Background and Introduction¶
GeneFlow is a light-weight workflow engine for scientific computing that includes a standard definition language and a workflow execution engine. GeneFlow’s definition language is configuration-based, uses a standard and easy-to-read YAML text format, and does not require any knowledge of scripting or programming, reducing the barriers to entry for non-computational scientists. The language allows scientists to specify metadata (e.g., workflow descriptors), inputs, parameters, and analytical steps for each workflow.
A GeneFlow workflow can contain multiple steps, with each step referring to a single analytical task, which we call an application, or “app”. Although apps can be defined to execute native tasks (i.e., Linux shell commands), GeneFlow supports and encourages the use of containers for apps. GeneFlow apps can be containerized using either Docker or Singularity and these containers are executed by the app’s entry script.
The GeneFlow definition is explicit, requiring users to declare specific app version numbers, dependencies between steps, and default input or parameter values, facilitating provenance and reducing ambiguity in scientific data analysis.
GeneFlow is part of a larger, standard toolchain that enables transparent resource access for end users and facilitates scientific collaboration. The GeneFlow framework was designed with a number of key features in mind: resulting workflows are 1) scientifically applicable, 2) portable, 3) shareable, 4) reproducible, 5) accessible, and are 6) developed using best practices:
Scientifically Applicable: The GeneFlow definition language employs a simple, yet flexible text-based YAML format that can capture any scientific workflow representable as a directed acyclic graph. Thus, GeneFlow is scientifically applicable to a wide range of workflows.
Portable: GeneFlow workflows are portable in that end users can execute their workflows in a wide range of computing environments including on a laptop (e.g.., in the field), in a centralized High Performance Computing (HPC) system, or in a cloud environment. GeneFlow achieves this by enabling the packaging of workflow apps using standard container technologies such as docker or singularity. GeneFlow is also extendable to support customized URIs, allowing easier integration of data management capabilities for both local or remote (e.g., cloud based object stores) data and analysis results.

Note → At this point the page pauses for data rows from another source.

(* Let $(A,\mu,\Delta_r,\alpha,\beta,\psi=\beta,\omega=\alpha)$ be a quasitriangular infinitesimal BiHom-bialgebra with $r=\sum_i x_i\otimes y_i\in A\otimes A$, and write $\Delta=\Delta_r$. Then: (i) $\Delta(a)=\sum_i\alpha(x_i)\otimes y_i\cdot a-\sum_i a\cdot x_i\otimes\beta(y_i)$ for all $a\in A$; (ii) $(\Delta\otimes\beta)(r)=r_{23}r_{13}$; (iii) $(\alpha\otimes\Delta)(r)=-r_{13}r_{12}$. Conversely, if an infinitesimal BiHom-bialgebra $(A,\mu,\Delta,\alpha,\beta,\psi=\beta,\omega=\alpha)$ satisfies (i), (ii) and (iii) for some $r=\sum_i x_i\otimes y_i\in A\otimes A$ with $(\alpha\otimes\alpha)(r)=r=(\beta\otimes\beta)(r)$, then $\Delta=\Delta_r$ and $(A,\mu,\Delta_r,\alpha,\beta,\psi=\beta,\omega=\alpha)$ is a quasitriangular infinitesimal BiHom-bialgebra.
   Context: Work over a field. A BiHom-associative algebra is a 4-tuple $(A,\mu,\alpha,\beta)$ with $\alpha,\beta$ commuting linear maps, multiplicative for $\mu$ (written $a\cdot b$), and $\alpha(x)\cdot(y\cdot z)=(x\cdot y)\cdot\beta(z)$. A BiHom-coassociative coalgebra is $(C,\Delta,\psi,\omega)$ with $\psi\omega=\omega\psi$, $(\psi\otimes\psi)\Delta=\Delta\psi$, $(\omega\otimes\omega)\Delta=\Delta\omega$ and $(\Delta\otimes\psi)\Delta=(\omega\otimes\Delta)\Delta$. An infinitesimal BiHom-bialgebra is a 7-tuple $(A,\mu,\Delta,\alpha,\beta,\psi,\omega)$ with $(A,\mu,\alpha,\beta)$ BiHom-associative, $(A,\Delta,\psi,\omega)$ BiHom-coassociative, and for all $a,b$ (with $\Delta(a)=a_1\otimes a_2$): $\Delta(a\cdot b)=\omega(a)\cdot b_1\otimes\beta(b_2)+\alpha(a_1)\otimes a_2\cdot\psi(b)$; $\alpha,\beta$ each commute with $\psi,\omega$; $(\alpha\otimes\alpha)\Delta=\Delta\alpha$, $(\beta\otimes\beta)\Delta=\Delta\beta$; $\psi,\omega$ multiplicative. For $r=\sum_i x_i\otimes y_i$ with $(\alpha\otimes\alpha)(r)=r=(\beta\otimes\beta)(r)$, set $\Delta_r(a)=\sum_i\alpha(x_i)\otimes y_i\cdot a-\sum_i a\cdot x_i\otimes\beta(y_i)$, $r_{12}r_{23}=\sum_{i,j}\alpha(x_i)\otimes y_i\cdot x_j\otimes\beta(y_j)$, $r_{13}r_{12}=\sum_{i,j}x_i\cdot x_j\otimes\beta(y_j)\otimes\beta(y_i)$, $r_{23}r_{13}=\sum_{i,j}\alpha(x_i)\otimes\alpha(x_j)\otimes y_j\cdot y_i$, and $A(r)=r_{13}r_{12}-r_{12}r_{23}+r_{23}r_{13}$. Actions on $A^{\otimes3}$: $a\bullet(x\otimes y\otimes z)=\alpha(a)\cdot x\otimes\beta(y)\otimes\beta(z)$, $(x\otimes y\otimes z)\bullet a=\alpha(x)\otimes\alpha(y)\otimes z\cdot\beta(a)$. A coboundary infinitesimal BiHom-bialgebra is $(A,\mu,\Delta_r,\alpha,\beta,\psi=\beta,\omega=\alpha)$ where $(A,\mu,\alpha,\beta)$ is BiHom-associative and $r$ satisfies $(\alpha\otimes\alpha)(r)=r=(\beta\otimes\beta)(r)$ and $a\bullet A(r)=A(r)\bullet a$ for all $a$ (such a tuple is an infinitesimal BiHom-bialgebra). It is quasitriangular if moreover $A(r)=0$. *)

(* Tensors A^{(x)2}, A^{(x)3} over a field K are represented by
   finite lists of elementary tensors (formal sums), compared up to the equality
   of the tensor product: two formal sums are equal in A (x) A iff every bilinear
   form A x A -> K takes the same value on them (vector spaces over a field). *)
From HB Require Import structures.
From mathcomp Require Import all_boot all_order all_algebra.
Set Implicit Arguments. Unset Strict Implicit. Unset Printing Implicit Defensive.
Import GRing.Theory.
Local Open Scope ring_scope.

Section BiHom.
Variables (K : fieldType) (A : lmodType K).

Shareable: The text-based GeneFlow definition language facilitates easy sharing of workflows via standard source-control repositories such as GitHub or GitLab. Moreover, because the workflow definition specifies all required inputs (i.e., data resources) and parameters, GeneFlow greatly facilitates publishing workflows as graphical web-based applications.
Reproducible: The ability to containerize a workflow’s apps, coupled with GeneFlow’s enforcement of documenting information such as app versions and workflow parameters improves workflow reproducibility by promoting numerical equivalence of results regardless of the execution environment.

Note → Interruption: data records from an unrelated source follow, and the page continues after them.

Lemma cont_on01_interior_approx g x : cont_on01 g -> 0 <= x <= 1 ->
  forall eps, 0 < eps -> exists y, 0 < y < 1 /\ Rabs (g y - g x) < eps.
Proof.
  intros Hg Hx eps He. destruct (Hg x Hx eps He) as [d [Hd K]].
  set (t := Rmin d 1 / 2).
  assert (Ht : 0 < t < 1 /\ t < d).
  { unfold t. pose proof (Rmin_l d 1). pose proof (Rmin_r d 1).
    pose proof (Rmin_glb_lt d 1 0 Hd Rlt_0_1). lra. }
  (* a point strictly between [x] and [1/2] *)
  exists ((1 - t) * x + t / 2).
  assert (Hy : 0 < (1 - t) * x + t / 2 < 1) by nra.
  split; auto. apply K; [lra|].
  replace ((1 - t) * x + t / 2 - x) with (t * (/ 2 - x)) by field.
  rewrite Rabs_mult, Rabs_pos_eq by lra.
  apply Rle_lt_trans with (t * 1); [|lra].
  apply Rmult_le_compat_l; [lra|]. apply Rabs_le. lra.
Qed.

Lemma cont_on01_interior_bounds g a b : cont_on01 g ->
  (forall x, 0 < x < 1 -> a <= g x <= b) -> forall x, 0 <= x <= 1 -> a <= g x <= b.
Proof.
  intros Hg Hab x Hx. split; apply Rnot_lt_le; intro Hlt.
  - destruct (cont_on01_interior_approx g x Hg Hx (a - g x)) as [y [Hy K]]; [lra|].
    apply Rabs_def2 in K. pose proof (Hab y Hy). lra.
  - destruct (cont_on01_interior_approx g x Hg Hx (g x - b)) as [y [Hy K]]; [lra|].
    apply Rabs_def2 in K. pose proof (Hab y Hy). lra.
Qed.

Definition clamp01 (x : R) : R := Rmax 0 (Rmin 1 x).

Lemma clamp01_in x : 0 <= clamp01 x <= 1.
Proof. unfold clamp01, Rmax, Rmin. repeat destruct Rle_dec; lra. Qed.

Lemma clamp01_id x : 0 <= x <= 1 -> clamp01 x = x.
Proof. intro. unfold clamp01, Rmax, Rmin. repeat destruct Rle_dec; lra. Qed.

Lemma clamp01_lipschitz x y : Rabs (clamp01 y - clamp01 x) <= Rabs (y - x).
Proof.
  unfold clamp01, Rmax, Rmin.
  repeat destruct Rle_dec; unfold Rabs; repeat destruct Rcase_abs; lra.
Qed.

Lemma continuity_clamp01_comp g : cont_on01 g -> continuity (fun x => g (clamp01 x)).
Proof.
  intros Hg x. apply continuity_pt_eps. intros eps He.
  destruct (Hg (clamp01 x) (clamp01_in x) eps He) as [d [Hd K]].
  exists d. split; auto. intros y Hy. apply K; [apply clamp01_in|].
  eapply Rle_lt_trans; [apply clamp01_lipschitz | exact Hy].
Qed.

Lemma deriv_on01_is_derive g g' : (forall x, is_derive g x (g' x)) -> deriv_on01 g g'.
Proof.
  intros H x _ eps He.
  destruct (proj1 (is_derive_Reals g x (g' x)) (H x) eps He) as [d Hd].
  exists d. split; [apply cond_pos|]. intros y _ Hne Hyd.
  specialize (Hd (y - x)). replace (x + (y - x)) with y in Hd by ring.
  apply Hd; auto. lra.
Qed.

Lemma deriv_on01_ext g g' h h' : deriv_on01 g g' ->
  (forall x, 0 <= x <= 1 -> g x = h x) -> (forall x, 0 <= x <= 1 -> g' x = h' x) ->
  deriv_on01 h h'.
Proof.
  intros H E E' x Hx eps He. destruct (H x Hx eps He) as [d [Hd K]].
  exists d. split; auto. intros y Hy Hne Hyd. rewrite <- !E, <- E' by auto. auto.
Qed.

Lemma deriv_on01_minus g g' h h' : deriv_on01 g g' -> deriv_on01 h h' ->
  deriv_on01 (fun x => g x - h x) (fun x => g' x - h' x).
Proof.
  intros Hg Hh x Hx eps He.
  destruct (Hg x Hx (eps / 2)) as [d1 [Hd1 K1]]; [lra|].
  destruct (Hh x Hx (eps / 2)) as [d2 [Hd2 K2]]; [lra|].
  exists (Rmin d1 d2). split; [apply Rmin_pos; auto|].
  intros y Hy Hne Hyd.
  specialize (K1 y Hy Hne (Rlt_le_trans _ _ _ Hyd (Rmin_l _ _))).
  specialize (K2 y Hy Hne (Rlt_le_trans _ _ _ Hyd (Rmin_r _ _))).
  replace ((g y - h y - (g x - h x)) / (y - x) - (g' x - h' x)) with
    (((g y - g x) / (y - x) - g' x) - ((h y - h x) / (y - x) - h' x)) by (field; lra).
  eapply Rle_lt_trans; [apply Rabs_triang|]. rewrite Rabs_Ropp. lra.
Qed.

Lemma deriv_on01_cont g g' : deriv_on01 g g' -> cont_on01 g.
Proof.
  intros H x Hx eps He. destruct (H x Hx 1 Rlt_0_1) as [d [Hd K]].
  set (c := Rabs (g' x) + 1).
  assert (Hc : 0 < c) by (pose proof (Rabs_pos (g' x)); unfold c; lra).
  exists (Rmin d (eps / c)). split; [apply Rmin_pos; auto; apply Rdiv_lt_0_compat; auto|].
  intros y Hy Hyd. destruct (Req_dec y x) as [->|Hne].
  { rewrite Rminus_eq_0, Rabs_R0; lra. }
  specialize (K y Hy Hne (Rlt_le_trans _ _ _ Hyd (Rmin_l _ _))).
  assert (Hq : Rabs ((g y - g x) / (y - x)) <= c).
  { replace ((g y - g x) / (y - x)) with (((g y - g x) / (y - x) - g' x) + g' x) by ring.
    eapply Rle_trans; [apply Rabs_triang|]. unfold c. lra. }
  replace (g y - g x) with ((g y - g x) / (y - x) * (y - x)) by (field; lra).
  rewrite Rabs_mult.
  apply Rle_lt_trans with (c * Rabs (y - x)).
  { apply Rmult_le_compat_r; auto. apply Rabs_pos. }
  replace eps with (c * (eps / c)) by (field; lra).
  apply Rmult_lt_compat_l; auto. eapply Rlt_le_trans; [exact Hyd | apply Rmin_r].
Qed.

Lemma deriv_on01_zero_const g g' : deriv_on01 g g' ->
  (forall x, 0 <= x <= 1 -> g' x = 0) -> forall x, 0 <= x <= 1 -> g x = g 0.
Proof.
  intros H H0.
  (* [h] is [g] extended constantly outside [0,1], to which [null_derivative_loc] applies *)
  set (h := fun y => g (clamp01 y)).
  assert (Hl : forall x, 0 < x < 1 -> derivable_pt_lim h x (g' x)).
  { intros x Hx eps He. destruct (H x ltac:(lra) eps He) as [d [Hd K]].
    assert (Hp : 0 < Rmin d (Rmin x (1 - x))) by (repeat apply Rmin_pos; lra).
    exists (mkposreal _ Hp). intros e He0 Hed. simpl in Hed.
    pose proof (Rmin_l d (Rmin x (1 - x))). pose proof (Rmin_r d (Rmin x (1 - x))).
    pose proof (Rmin_l x (1 - x)). pose proof (Rmin_r x (1 - x)).
    assert (Hin : 0 <= x + e <= 1) by (apply Rabs_lt_between in Hed; lra).
    unfold h. rewrite !clamp01_id by lra.
    specialize (K (x + e) Hin ltac:(lra)). replace (x + e - x) with e in K by ring.
    apply K; lra. }
  assert (pr : forall x, 0 < x < 1 -> derivable_pt h x)
    by (intros x Hx; exists (g' x); apply Hl, Hx).
  assert (C : forall x, 0 <= x <= 1 -> h x = h 0).
  { apply (null_derivative_loc h 0 1 pr).
    - intros x _. apply continuity_clamp01_comp. eapply deriv_on01_cont; eauto.
    - intros x Hx. unfold derive_pt. destruct (pr x Hx) as [l Hl2]. simpl.
      rewrite <- (H0 x) by lra. eapply uniqueness_limite; eauto. }
  intros x Hx. specialize (C x Hx). unfold h in C. rewrite !clamp01_id in C by lra. exact C.
Qed.

Lemma deriv_on01_const_affine g g' a : deriv_on01 g g' ->
  (forall x, 0 <= x <= 1 -> g' x = a) -> forall x, 0 <= x <= 1 -> g x = g 0 + a * x.
Proof.
  intros H Ha x Hx.
  assert (Hl : deriv_on01 (fun y => a * y) (fun _ => a)).
  { apply deriv_on01_is_derive. intro y. auto_derive; auto; ring. }
  pose proof (deriv_on01_zero_const _ _ (deriv_on01_minus _ _ _ _ H Hl)) as C.
  cbv beta in C. specialize (C ltac:(intros y Hy; rewrite Ha; auto; ring) x Hx). lra.
Qed.

Lemma ex_RInt_continuity g a b : continuity g -> ex_RInt g a b.
Proof.
  intros H. apply (ex_RInt_continuous (V := R_CompleteNormedModule)).
  intros z _. apply continuous_of_continuity, H.
Qed.

Lemma ex_RInt_01_clamp g : continuity (fun t => g (clamp01 t)) -> ex_RInt g 0 1.
Proof.
  intros H. apply (ex_RInt_ext (fun t => g (clamp01 t))); [|apply ex_RInt_continuity, H].
  intros t Ht. rewrite Rmin_left, Rmax_right in Ht by lra. rewrite clamp01_id by lra. reflexivity.
Qed.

Accessible: GeneFlow’s configuration based approach to defining a workflow is easier to understand than workflow definitions based on scripting languages, and does not require any programming background. Thus, GeneFlow workflows are more accessible to users with less computational experience. While creation of new GeneFlow apps requires some scripting experience, creation of workflows that re-use existing apps can be achieved by less experienced users by simply specifying the apps in the workflow definition. GeneFlow then automatically pulls and installs these apps in the computing environment.

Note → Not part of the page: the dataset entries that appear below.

Lemma renyi_div_opt_output : al != 1 ->
  renyi_div al (joint pX W) (prod_dist pX opt_output) = sibson_value%:E.
Proof.
move=> al1; have S0 := sib_norm_gt0.
have dom x y : opt_output y = 0 -> pX x * W x y = 0.
  rewrite ffunE => /eqP; rewrite mulf_eq0 invr_eq0 (gt_eqF S0) orbF.
  by rewrite powR_eq0 => /andP[/eqP /sib_mass_eq0 ->].
rewrite /renyi_div (renyi_sum_EFin opt_output_dist (or_intror dom)).
under eq_bigr do
  rewrite ffunE -{2}(powRVK (sib_mass_ge0 _) al_neq0) powR_div_mul ?powR_ge0 //.
rewrite -mulr_suml mulr_powRB1 ?ltW // xlog_EFin ?powR_gt0 //.
by rewrite sibson_valueE EFinM.
Qed.

Lemma sibson_MI_closed_form : al != 1 -> sibson_MI al pX W = sibson_value%:E.
Proof.
move=> al1; apply/eqP; rewrite eq_le; apply/andP; split.
  apply: ereal_inf_lbound; exists opt_output; first exact: opt_output_dist.
  exact: renyi_div_opt_output.
by apply: le_ereal_inf_tmp => _ [q /= qd <-]; exact: renyi_div_ge.
Qed.

Definition s1_summand (r : {ffun Y -> {ffun X -> R}}) x y :=
  pX x `^ al^-1 * W x y * r y x `^ (1 - al^-1).

Lemma s1_summand_ge0 r x y : 0 <= s1_summand r x y.
Proof. by rewrite !mulr_ge0 ?powR_ge0. Qed.

Lemma s1_summandE r x y :
  s1_summand r x y = sib_weight x y `^ al^-1 * r y x `^ (1 - al^-1).
Proof. by rewrite /s1_summand /sib_weight powRM ?powR_ge0 // powRKV. Qed.

Lemma s1_sum_EFin r : is_channel r ->
  1 < al \/ (forall x y, r y x = 0 -> pX x * W x y = 0) ->
  (\sum_z xpow (pX z.1) al^-1 * (W z.1 z.2)%:E * xpow (r z.2 z.1) (1 - al^-1))%E =
  (\sum_y \sum_x s1_summand r x y)%:E.
Proof.
move=> rc dom; have r0 x y : 0 <= r y x by case: (rc y).
rewrite (eq_bigr (fun z => (s1_summand r z.1 z.2)%:E)); first by rewrite sumEFin pair_sum.
move=> [x y] _; apply: xpow_s1_termE => //.
have [rp|r0'] := ltP 0 (r y x); first exact: Or31.
case: dom => [al1|dom]; first exact: Or33.
by apply: Or32; apply: dom; apply/eqP; rewrite eq_le r0' r0.
Qed.

Lemma sum_s1_summand_le r y : 1 < al -> is_channel r ->
  \sum_x s1_summand r x y <= sib_mass y `^ al^-1.
Proof.
move=> al1 rc; have [r0 r1] := rc y.
under eq_bigr do rewrite s1_summandE.
have := @sum_powR_holder R X al^-1 (sib_weight^~ y) (r y).
rewrite invr_gt0 al_gt0 invf_lt1 // al1 r1 powR1 mulr1; apply=> // x.
exact: sib_weight_ge0.
Qed.

Lemma sum_s1_summand_ge r y : al < 1 -> is_channel r ->
  (forall x, r y x = 0 -> pX x * W x y = 0) ->
  sib_mass y `^ al^-1 <= \sum_x s1_summand r x y.
Proof.
move=> al1 rc dom; have [r0 r1] := rc y.
(* Hoelder with exponent al for the summands and r y has sib_mass y as its
   left-hand side. *)
have sr x : s1_summand r x y `^ al * r y x `^ (1 - al) = sib_weight x y.
  rewrite s1_summandE; have [rp|] := ltP 0 (r y x).
    rewrite powRM ?powR_ge0 // powRVK ?sib_weight_ge0 // -powRrM -mulrA -powRD.
      by rewrite (_ : _ + _ = 0) ?powRr0 ?mulr1 //; field.
    by rewrite (gt_eqF rp) implybT.
  rewrite le_eqVlt ltNge r0 orbF => /eqP rz.
  have /eqP wz : sib_weight x y == 0 by rewrite sib_weight_eq0 dom.
  have h1 : 1 - al^-1 != 0 by rewrite lt_eqF // subr_lt0 invf_gt1.
  have h2 : 1 - al != 0 by rewrite gt_eqF // subr_gt0.
  by rewrite rz wz !powR0 ?mulr0 ?invr_eq0.
have := @sum_powR_holder R X al (fun x => s1_summand r x y) (r y).
rewrite al_gt0 al1 r1 powR1 mulr1 => /(_ erefl (fun x => s1_summand_ge0 r x y) r0).
rewrite (eq_bigr _ (fun x _ => sr x)) -/(sib_mass y) => hol.
have S0 : 0 <= \sum_x s1_summand r x y by apply: sumr_ge0 => x _; exact: s1_summand_ge0.
rewrite -[leRHS](powRKV S0 al_neq0).
by rewrite ge0_ler_powR ?nnegrE ?powR_ge0 ?sib_mass_ge0 // invr_ge0 ltW.
Qed.

Lemma F_S1_le r : al != 1 -> is_channel r -> (F_S1 al pX W r <= sibson_value%:E)%E.
Proof.
move=> al1 rc; have S0 := sib_norm_gt0.
rewrite /F_S1 /sibson_value (EFinM (al / (al - 1))) -xlog_EFin //.
have [al_lt1|al_gt1|/eqP] := ltgtP al 1; last by rewrite (negPf al1).
  have [[x [y [ry pw]]]|undom] := pselect (exists x y, r y x = 0 /\ pX x * W x y != 0).
    have [pp wp] := pW_gt0 pw.
    rewrite (@esum_eqy_at _ _ _ (x, y)) /= ?ry ?xpow_s1_term_eqy //.
      by rewrite lt0_muley ?leNye // lte_fin pmulr_rlt0 // invr_lt0 subr_lt0.
    by move=> z; rewrite ge0_neqNy // !mule_ge0 ?xpow_ge0 ?lee_fin.
  have dom x y : r y x = 0 -> pX x * W x y = 0.
    by move=> ry; apply/eqP/negPn/negP => pw; apply: undom; exists x, y.
  rewrite s1_sum_EFin //; last by right.
  apply: lee_wnmul2l; first by rewrite pmulr_rle0 // invr_le0 subr_le0 ltW.
  apply: le_xlog; first by rewrite lee_fin ltW.
  by rewrite lee_fin ler_sum // => y _; apply: sum_s1_summand_ge => // x; exact: dom.
rewrite s1_sum_EFin //; last by left.
apply: lee_wpmul2l; first by rewrite lee_fin divr_ge0 ?subr_ge0 ?ltW.
apply: le_xlog.
  by rewrite lee_fin !sumr_ge0 // => y _; rewrite sumr_ge0 // => x _; exact: s1_summand_ge0.
by rewrite lee_fin ler_sum // => y _; exact: sum_s1_summand_le.
Qed.

(* On outputs of mass zero any distribution will do; pX is a convenient one. *)
Definition opt_reverse : {ffun Y -> {ffun X -> R}} :=
  [ffun y => [ffun x => if sib_mass y == 0 then pX x else sib_weight x y / sib_mass y]].

Lemma opt_reverse_channel : is_channel opt_reverse.
Proof.
move=> y; have [B0|Bn0] := eqVneq (sib_mass y) 0; split=> [x|].
- by rewrite !ffunE B0 eqxx.
- by under eq_bigr do rewrite !ffunE B0 eqxx; case: pX_dist.
- by rewrite !ffunE (negPf Bn0) divr_ge0 ?sib_weight_ge0 ?sib_mass_ge0.
- by under eq_bigr do rewrite !ffunE (negPf Bn0); rewrite -mulr_suml mulfV.
Qed.

Lemma sum_s1_opt_reverse y : \sum_x s1_summand opt_reverse x y = sib_mass y `^ al^-1.
Proof.
have ai0 : 0 < al^-1 by rewrite invr_gt0.
have [B0|Bn0] := eqVneq (sib_mass y) 0.
  rewrite B0 powR0 ?gt_eqF //; apply: big1 => x _.
  have /eqP wz : sib_weight x y == 0 by rewrite sib_weight_eq0 sib_mass_eq0.
  by rewrite s1_summandE wz powR0 ?mul0r ?gt_eqF.
have Bp : 0 < sib_mass y by rewrite lt_def Bn0 sib_mass_ge0.
under eq_bigr do
  rewrite s1_summandE !ffunE (negPf Bn0) mulrC powR_div_mul ?sib_weight_ge0 //.
by rewrite -mulr_suml mulr_powRB1 ?sib_mass_ge0.
Qed.

Lemma F_S1_opt_reverse : F_S1 al pX W opt_reverse = sibson_value%:E.
Proof.
have dom x y : opt_reverse y x = 0 -> pX x * W x y = 0.
  rewrite !ffunE; case: ifP => [/eqP B0 _|/negbT Bn0 /eqP]; first exact: sib_mass_eq0.
  by rewrite mulf_eq0 invr_eq0 (negPf Bn0) orbF sib_weight_eq0 => /eqP.
rewrite /F_S1 (s1_sum_EFin opt_reverse_channel (or_intror dom)).
under eq_bigr do rewrite sum_s1_opt_reverse.
by rewrite xlog_EFin ?sib_norm_gt0 // -EFinM.
Qed.

Lemma F_S3_eqNy (q : {ffun X * Y -> R}) (r : {ffun Y -> {ffun X -> R}}) z :
  1 < al -> is_dist q -> q z != 0 ->
  [\/ pX z.1 = 0, W z.1 z.2 = 0 | r z.2 z.1 = 0] -> F_S3 al pX W q r = -oo%E.
Proof.
move=> al1 [q0 _] qz bad.
have c1 : al / (1 - al) < 0 by rewrite pmulr_rlt0 ?invr_lt0 ?subr_lt0.
have c2 : (1 - al)^-1 < 0 by rewrite invr_lt0 subr_lt0.
have mz : margX q z.1 != 0 by rewrite gt_eqF ?margX_gt0.
rewrite /F_S3; case: bad => [pz|wz|rz].
- by rewrite (kl_div_eqy mz pz) lt0_muley // addeNy.
- have jz : joint (margX q) W z = 0 by rewrite ffunE wz mulr0.
  by rewrite (kl_div_eqy qz jz) lt0_muley // !addNye.
- rewrite (_ : expect_log_ratio q r = -oo%E) ?addeNy ?addNye //.
  by apply/esum_eqNyP; exists z; rewrite mem_index_enum (negPf qz) rz eqxx.
Qed.

Lemma F_S3_EFin (q : {ffun X * Y -> R}) (r : {ffun Y -> {ffun X -> R}}) :
  al != 1 -> is_dist q ->
  (forall z, q z != 0 -> [/\ 0 < pX z.1, 0 < W z.1 z.2 & 0 < r z.2 z.1]) ->
  F_S3 al pX W q r = (al / (al - 1) *
    \sum_z (if q z == 0 then 0 else q z * ln (s1_summand r z.1 z.2 / q z)))%:E.
Proof.
move=> al1 [q0 _] supp.
have mp := margX_gt0 q0.
have qW z : q z != 0 -> joint (margX q) W z != 0.
  by move=> qz; have [_ wp _] := supp z qz; rewrite ffunE mulf_neq0 ?gt_eqF ?mp.
have qr z : q z != 0 -> r z.2 z.1 != 0.
  by move=> qz; have [_ _ rp] := supp z qz; rewrite gt_eqF.
have mpX x : margX q x != 0 -> pX x != 0.
  rewrite ffunE => /eqP /psumr_neq0P [y _|y /andP[_ /lt0r_neq0 /supp[pp _ _]]].
    exact: q0.
  by rewrite gt_eqF.
rewrite /F_S3 (kl_div_EFin qW) (kl_div_EFin mpX) (expect_log_ratio_EFin qr).
rewrite (sum_margX_weighted q0) -!EFinM -!EFinD; congr (_%:E).
rewrite !mulr_sumr -!big_split /=; apply: eq_bigr => z _.
case: eqP => [_|/eqP qz]; first by rewrite !mulr0 !addr0.
have [pp wp rp] := supp z qz; have qp : 0 < q z by rewrite lt_def qz q0.
have mzp := mp z qz.
rewrite ffunE /s1_summand !ln_div ?lnM ?ln_powR ?posrE ?mulr_gt0 ?powR_gt0 //.
by field; rewrite al_neq0 !subr_eq0 [1 == al]eq_sym al1.
Qed.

Promotes Best Practices: GeneFlow enables rapid development of new workflows through the reuse of existing workflow components. The fundamental building blocks of GeneFlow are individual applications or apps. An app typically defines one bioinformatics tool, such as a sequence aligner. GeneFlow workflows can point to any app stored in a Git repository. Moreover, these apps can be containerized and stored in repositories such as DockerHub. These capabilities and features of GeneFlow allow the end user to focus on the flow of data analysis and the outcomes rather than the underlying complexities associated with wrapping third party applications in their workflows.